[Opening Material for this exercise section]
(* Consider Algorithm 1 applied to $\min\varphi(w)$ s.t. $w\in D$, and fix an outer iteration $j$. Then either the inner loop terminates (i.e., some $i$ satisfies the nonmonotone Armijo condition), or $\|\gamma_{j,i}(w^j-w^{j,i})+\nabla\varphi(w^{j,i})-\nabla\varphi(w^j)\|\to0$ as $i\to\infty$. Moreover, if the inner loop does not terminate, then $w^{j,i}\to w^j$ as $i\to\infty$ and $w^j$ is an M-stationary point of this problem, i.e., $0\in\nabla\varphi(w^j)+\mathcal N^{\lim}_D(w^j)$.
   Context: $\mathbb W$ is a Euclidean space, $\varphi\colon\mathbb W\to\mathbb R$ continuously differentiable, $D\subset\mathbb W$ nonempty and closed (neither need be convex). The limiting normal cone at $\bar w\in D$ is $\mathcal N^{\lim}_D(\bar w):=\limsup_{w\to\bar w}\operatorname{cone}(w-\Pi_D(w))$ (outer set limit, $\Pi_D$ the multivalued Euclidean projection onto $D$). Algorithm 1 (general spectral gradient method, without termination test): parameters $\tau>1$, $\sigma\in(0,1)$, $0<\gamma_{\min}\le\gamma_{\max}<\infty$, $m\in\mathbb N$, starting point $w^0\in D$. For $j=0,1,2,\dots$: set $m_j:=\min(j,m)$ and choose $\gamma_j^0\in[\gamma_{\min},\gamma_{\max}]$; for $i=1,2,\dots$ set $\gamma_{j,i}:=\tau^{i-1}\gamma_j^0$ and compute a (global) solution $w^{j,i}$ of $\min_w \varphi(w^j)+\langle\nabla\varphi(w^j),w-w^j\rangle+\frac{\gamma_{j,i}}2\|w-w^j\|^2$ s.t. $w\in D$ (subproblem $Q(j,i)$); the inner loop stops at the first $i$ with $\varphi(w^{j,i})\le\max_{r=0,\dots,m_j}\varphi(w^{j-r})+\sigma\langle\nabla\varphi(w^j),w^{j,i}-w^j\rangle$; then set $i_j:=i$, $\gamma_j:=\gamma_{j,i_j}$, $w^{j+1}:=w^{j,i_j}$. *)

From HB Require Import structures.
From mathcomp Require Import all_boot all_order all_algebra.
From mathcomp Require Import all_classical all_reals all_analysis.
Set Implicit Arguments. Unset Strict Implicit. Unset Printing Implicit Defensive.
Import Order.TTheory GRing.Theory Num.Theory.
Import numFieldNormedType.Exports.
Local Open Scope classical_set_scope.
Local Open Scope ring_scope.

Section Defs.
Variables (R : realType) (n : nat).
Local Notation W := 'rV[R]_n.

Definition dotw (u v : W) : R := (u *m v^T) 0 0.
Definition enorm (u : W) : R := Num.sqrt (dotw u u).

Definition proj (D : set W) (w : W) : set W :=
  [set p | D p /\ forall q, D q -> enorm (w - p) <= enorm (w - q)].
[Closing Material for this exercise section]
[Task instructions]
Print exactly the lines from the one containing "Import Order.TTheory GRing.Theory Num.Theory." through the last line of the records above, both included.

[Answer below]
Import Order.TTheory GRing.Theory Num.Theory.
Import numFieldNormedType.Exports.
Local Open Scope classical_set_scope.
Local Open Scope ring_scope.

Section Defs.
Variables (R : realType) (n : nat).
Local Notation W := 'rV[R]_n.

Definition dotw (u v : W) : R := (u *m v^T) 0 0.
Definition enorm (u : W) : R := Num.sqrt (dotw u u).

Definition proj (D : set W) (w : W) : set W :=
  [set p | D p /\ forall q, D q -> enorm (w - p) <= enorm (w - q)].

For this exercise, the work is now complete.